In the material below, how many lines contain "field"? Answer with the number alone.

◇ ◇ ◇

(* Fix $u_{\max}>0$, $u^*\in[0,u_{\max}]$, $u_b\in[0,u_{\max}]$, $C\ge 0$, and consider the problem (P1): $\min_{s\in\mathcal C_a}\{s^2: p(s)\le -C\}$ where $p(s)=g(s,u_b)$. Let $\delta=\min\{u^*,\hat u\}$, $m=\frac{2u^*+u_{\max}}4$. (i) If $u^*\ne\hat u$: $p'<0$ on $[0,\delta)\cup(\gamma,u_{\max}]$ and $p'>0$ on $(\delta,\gamma)$, where $\gamma=\max\{u^*,\hat u\}$. Moreover: if $p(0)\le -C$, the optimal solution of (P1) is $s=0$; if $p(\delta)\le -C<p(0)$, the optimal solution is the smallest root of $p(s)=-C$ in $\mathcal C_a$ (which lies in $(0,\delta]$); if $-C<p(\delta)$, (P1) is infeasible. (ii) If $u^*=\hat u$: $p'<0$ on $[0,u_{\max}]\setminus\{\hat u\}$ and $p'(\hat u)=0$. Moreover: if $p(0)\le -C$, the optimal solution is $s=0$; if $p(m)\le -C<p(0)$, the optimal solution is the unique root of $p(s)=-C$ in $(0,m]$; if $-C<p(m)$, (P1) is infeasible.
   Context: $f(u)=u(1-u/u_{\max})$ on $[0,u_{\max}]$, $\hat u=u_{\max}/2$ its unique maximizer, $F$ a primitive of $f$, $g(s,z)=(s-u^* )f(s)-(z-u^* )f(z)-F(s)+F(z)$, and $\mathcal C_a=[0,\frac{2u^*+u_{\max}}4]$. *)

From Stdlib Require Import Reals Lra.
From Coquelicot Require Import Coquelicot.
Open Scope R_scope.

Definition f (umax u : R) : R := u * (1 - u / umax).
(* a primitive of f (any primitive gives the same g, constants cancel) *)
Definition F (umax u : R) : R := u ^ 2 / 2 - u ^ 3 / (3 * umax).
(* unique maximizer of f *)
Definition uhat (umax : R) : R := umax / 2.

Definition g (umax ustar s z : R) : R :=
  (s - ustar) * f umax s - (z - ustar) * f umax z - F umax s + F umax z.

Definition p (umax ustar ub s : R) : R := g umax ustar s ub.

Definition mC (umax ustar : R) : R := (2 * ustar + umax) / 4.

Definition Ca (umax ustar s : R) : Prop := 0 <= s <= mC umax ustar.

Definition P1_feasible (umax ustar ub C s : R) : Prop :=
  Ca umax ustar s /\ p umax ustar ub s <= - C.

Definition P1_optimal (umax ustar ub C s : R) : Prop :=
  P1_feasible umax ustar ub C s /\
  forall t, P1_feasible umax ustar ub C t -> s ^ 2 <= t ^ 2.

Definition P1_infeasible (umax ustar ub C : R) : Prop :=
  ~ exists s, P1_feasible umax ustar ub C s.

(* p'(s) = (s - u* ) (1 - 2 s / umax) has the sign of (s - u* ) (û - s), so p decreases
   on [0, δ], increases on [δ, γ], and since the right end point of C_a is the midpoint
   of u* and û, the minimum of p over C_a is attained at δ (in case (ii), δ = m = û).
   On [0, δ] the map p is a strictly decreasing continuous bijection onto [p δ, p 0],
   so the smallest feasible point of (P1) is 0 when p 0 ≤ -C, the unique root of
   p = -C in (0, δ] when p δ ≤ -C < p 0, and does not exist when -C < p δ. *)
From Pilot Require Import Defs.
From Stdlib Require Import Reals Lra Psatz.
From Coquelicot Require Import Coquelicot.
Open Scope R_scope.

Lemma derive_neg_strict_decreasing (h h' : R -> R) (a b : R) :
  (forall x, is_derive h x (h' x)) -> (forall c, a < c < b -> h' c < 0) ->
  forall x y, a <= x -> x < y -> y <= b -> h y < h x.
Proof.
  intros Dh Hneg x y Hx Hxy Hy.
  destruct (MVT_cor2 h h' x y Hxy) as [c [Hmvt Hc]].
  { intros c _; apply is_derive_Reals, Dh. }
  pose proof (Hneg c ltac:(lra)); nra.
Qed.

Lemma derive_pos_strict_increasing (h h' : R -> R) (a b : R) :
  (forall x, is_derive h x (h' x)) -> (forall c, a < c < b -> 0 < h' c) ->
  forall x y, a <= x -> x < y -> y <= b -> h x < h y.
Proof.
  intros Dh Hpos x y Hx Hxy Hy.
  destruct (MVT_cor2 h h' x y Hxy) as [c [Hmvt Hc]].
  { intros c _; apply is_derive_Reals, Dh. }
  pose proof (Hpos c ltac:(lra)); nra.
Qed.

Lemma decreasing_root (h h' : R -> R) (a b v : R) :
  (forall x, is_derive h x (h' x)) -> a < b -> h b <= v < h a ->
  exists s, a < s <= b /\ h s = v.
Proof.
  intros Dh Hab Hv.
  assert (Hcont : continuity h).
  { intros x; apply derivable_continuous_pt; exists (h' x); apply is_derive_Reals, Dh. }
  destruct (IVT_gen h a b v Hcont) as [s [Hs Hhs]].
  { rewrite Rmin_right, Rmax_left; lra. }
  rewrite Rmin_left, Rmax_right in Hs by lra.
  exists s; split; [|exact Hhs].
  split; [|lra]. destruct (Req_dec s a) as [->|]; lra.
Qed.

Lemma mul_sub_neg_outside (a b c : R) :
  c < Rmin a b \/ Rmax a b < c -> (c - a) * (b - c) < 0.
Proof.
  pose proof (Rmin_Rmax_l a b); pose proof (Rmin_Rmax_r a b).
  intros [Hc|Hc]; nra.
Qed.

Lemma mul_sub_pos_between (a b c : R) :
  Rmin a b < c < Rmax a b -> 0 < (c - a) * (b - c).
Proof.
  destruct (Rle_or_lt a b) as [Hab|Hab].
  - rewrite Rmin_left, Rmax_right by lra; nra.
  - rewrite Rmin_right, Rmax_left by lra; nra.
Qed.

Section P1.

Variables umax ustar ub C : R.
Hypothesis Humax : 0 < umax.
Hypothesis Hustar : 0 <= ustar <= umax.

Let pp := p umax ustar ub.
Let delta := Rmin ustar (uhat umax).
Let gamma := Rmax ustar (uhat umax).

Definition p_deriv (s : R) : R := (s - ustar) * (uhat umax - s) * (2 / umax).

Lemma is_derive_p (s : R) : is_derive pp s (p_deriv s).
Proof. unfold pp, p, g, Defs.f, F, p_deriv, uhat; auto_derive; [lra|]; field; lra. Qed.

Lemma Derive_p (s : R) : Derive pp s = p_deriv s.
Proof. exact (is_derive_unique _ _ _ (is_derive_p s)). Qed.

Lemma p_deriv_neg (s : R) : (s - ustar) * (uhat umax - s) < 0 -> p_deriv s < 0.
Proof. assert (0 < 2 / umax) by (apply Rdiv_lt_0_compat; lra). unfold p_deriv; nra. Qed.

Lemma p_deriv_pos (s : R) : 0 < (s - ustar) * (uhat umax - s) -> 0 < p_deriv s.
Proof. assert (0 < 2 / umax) by (apply Rdiv_lt_0_compat; lra). unfold p_deriv; nra. Qed.

Lemma delta_nonneg : 0 <= delta.
Proof. apply Rmin_glb; unfold uhat; lra. Qed.

Lemma mC_between : delta <= mC umax ustar <= gamma.
Proof.
  pose proof (Rmin_Rmax_l ustar (uhat umax)); pose proof (Rmin_Rmax_r ustar (uhat umax)).
  unfold delta, gamma, mC, uhat in *; lra.
Qed.

Lemma p_decreasing_below_delta (x y : R) :
  0 <= x -> x < y -> y <= delta -> pp y < pp x.
Proof.
  apply (derive_neg_strict_decreasing pp p_deriv 0 delta is_derive_p).
  intros c Hc; apply p_deriv_neg, mul_sub_neg_outside; left; unfold delta in Hc; lra.
Qed.

Lemma p_increasing_between (x y : R) :
  delta <= x -> x < y -> y <= gamma -> pp x < pp y.
Proof.
  apply (derive_pos_strict_increasing pp p_deriv delta gamma is_derive_p).
  intros c Hc; apply p_deriv_pos, mul_sub_pos_between; exact Hc.
Qed.

Lemma p_injective_below_delta (x y : R) :
  0 <= x <= delta -> 0 <= y <= delta -> pp x = pp y -> x = y.
Proof.
  intros Hx Hy Hxy; destruct (Rtotal_order x y) as [H|[H|H]]; [|exact H|].
  - pose proof (p_decreasing_below_delta x y ltac:(lra) H ltac:(lra)); lra.
  - pose proof (p_decreasing_below_delta y x ltac:(lra) H ltac:(lra)); lra.
Qed.

Lemma p_min_on_Ca (t : R) : Ca umax ustar t -> pp delta <= pp t.
Proof.
  intros [Ht0 Htm]; pose proof mC_between as Hm.
  destruct (Rtotal_order t delta) as [Ht|[->|Ht]]; [| lra |].
  - pose proof (p_decreasing_below_delta t delta Ht0 Ht (Rle_refl _)); lra.
  - pose proof (p_increasing_between delta t (Rle_refl _) Ht ltac:(lra)); lra.
Qed.

Lemma P1_optimal_least (s0 : R) :
  P1_feasible umax ustar ub C s0 ->
  (forall t, P1_feasible umax ustar ub C t -> s0 <= t) ->
  forall s, P1_optimal umax ustar ub C s <-> s = s0.
Proof.
  intros Hf Hleast s.
  assert (Hs0 : 0 <= s0) by (destruct Hf as [[Hs0 _] _]; exact Hs0).
  split.
  - intros [Hs Hopt]; pose proof (Hleast s Hs); pose proof (Hopt s0 Hf).
    destruct Hs as [[Hs _] _]; nra.
  - intros ->; split; [exact Hf|]; intros t Ht; pose proof (Hleast t Ht); nra.
Qed.

Lemma P1_optimal_zero : pp 0 <= - C -> forall s, P1_optimal umax ustar ub C s <-> s = 0.
Proof.
  intros Hp; apply P1_optimal_least.
  - split; [|exact Hp]; unfold Ca, mC; lra.
  - intros t [[Ht _] _]; exact Ht.
Qed.

Lemma P1_optimal_root : pp delta <= - C < pp 0 ->
  exists s0, 0 < s0 <= delta /\ pp s0 = - C /\
    (forall t, Ca umax ustar t -> pp t <= - C -> s0 <= t) /\
    (forall s, P1_optimal umax ustar ub C s <-> s = s0).
Proof.
  intros Hp.
  assert (Hdelta : 0 < delta).
  { pose proof delta_nonneg; destruct (Req_dec delta 0) as [E|]; [rewrite E in Hp|]; lra. }
  destruct (decreasing_root pp p_deriv 0 delta (- C) is_derive_p Hdelta Hp) as [s0 [Hs0 Hroot]].
  assert (Hleast : forall t, Ca umax ustar t -> pp t <= - C -> s0 <= t).
  { intros t [Ht _] Hpt; destruct (Rle_or_lt s0 t) as [|Hts]; [assumption|].
    pose proof (p_decreasing_below_delta t s0 Ht Hts ltac:(lra)); lra. }
  assert (HCa : Ca umax ustar s0) by (pose proof mC_between; unfold Ca; lra).
  exists s0; do 3 (split; [assumption|]).
  apply P1_optimal_least; [split; [exact HCa|fold pp; lra]|].
  intros t [Ht Hpt]; exact (Hleast t Ht Hpt).
Qed.

Lemma P1_infeasible_above : - C < pp delta -> P1_infeasible umax ustar ub C.
Proof. intros Hp [t [Ht Hpt]]; pose proof (p_min_on_Ca t Ht); fold pp in Hpt; lra. Qed.

End P1.

Theorem mainTheorem4 (umax ustar ub C : R)
  (Humax : 0 < umax) (Hustar : 0 <= ustar <= umax)
  (Hub : 0 <= ub <= umax) (HC : 0 <= C) :
  let delta := Rmin ustar (uhat umax) in
  let gamma := Rmax ustar (uhat umax) in
  let m := mC umax ustar in
  let pp := p umax ustar ub in
  (* (i) *)
  (ustar <> uhat umax ->
     (forall s, (0 <= s < delta \/ gamma < s <= umax) -> Derive pp s < 0) /\
     (forall s, delta < s < gamma -> 0 < Derive pp s) /\
     (pp 0 <= - C -> forall s, P1_optimal umax ustar ub C s <-> s = 0) /\
     (pp delta <= - C < pp 0 ->
        exists s0, (0 < s0 <= delta) /\ Ca umax ustar s0 /\ pp s0 = - C /\
          (forall t, Ca umax ustar t -> pp t = - C -> s0 <= t) /\
          (forall s, P1_optimal umax ustar ub C s <-> s = s0)) /\
     (- C < pp delta -> P1_infeasible umax ustar ub C)) /\
  (* (ii) *)
  (ustar = uhat umax ->
     (forall s, 0 <= s <= umax -> s <> uhat umax -> Derive pp s < 0) /\
     Derive pp (uhat umax) = 0 /\
     (pp 0 <= - C -> forall s, P1_optimal umax ustar ub C s <-> s = 0) /\
     (pp m <= - C < pp 0 ->
        exists s0, (0 < s0 <= m) /\ pp s0 = - C /\
          (forall t, 0 < t <= m -> pp t = - C -> t = s0) /\
          (forall s, P1_optimal umax ustar ub C s <-> s = s0)) /\
     (- C < pp m -> P1_infeasible umax ustar ub C)).
Proof.
  intros delta gamma m pp; subst delta gamma m pp.
  pose proof (mC_between umax ustar) as Hm.
  split; intros Hcase.
  - split; [intros s Hs; rewrite Derive_p by lra;
            apply p_deriv_neg, mul_sub_neg_outside; lra|].
    split; [intros s Hs; rewrite Derive_p by lra;
            apply p_deriv_pos; [lra|]; apply mul_sub_pos_between, Hs|].
    split; [now apply P1_optimal_zero|].
    split; [|now apply P1_infeasible_above].
    intros Hp; destruct (P1_optimal_root umax ustar ub C Humax Hustar Hp)
      as [s0 [Hs0 [Hroot [Hleast Hopt]]]].
    exists s0; split; [exact Hs0|]; split; [unfold Ca; lra|].
    split; [exact Hroot|]; split; [|exact Hopt].
    intros t Ht Hpt; apply Hleast; [exact Ht|lra].
  - assert (Hmd : mC umax ustar = Rmin ustar (uhat umax))
      by (unfold mC; rewrite Hcase, Rmin_left by lra; unfold uhat; field).
    rewrite Hmd.
    split; [intros s _ Hs; rewrite Derive_p by lra; apply p_deriv_neg; [lra|];
            apply mul_sub_neg_outside; rewrite Hcase, Rmin_left, Rmax_left by lra;
            destruct (Rtotal_order s (uhat umax)) as [|[|]]; tauto|].
    split; [rewrite Derive_p by lra; unfold p_deriv; rewrite Hcase; ring|].
    split; [now apply P1_optimal_zero|].
    split; [|now apply P1_infeasible_above].
    intros Hp; destruct (P1_optimal_root umax ustar ub C Humax Hustar Hp)
      as [s0 [Hs0 [Hroot [_ Hopt]]]].
    exists s0; split; [exact Hs0|]; split; [exact Hroot|]; split; [|exact Hopt].
    intros t Ht Hpt; apply (p_injective_below_delta umax ustar ub Humax); lra.
Qed.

◇ ◇ ◇

**YOUR SOLUTION**
2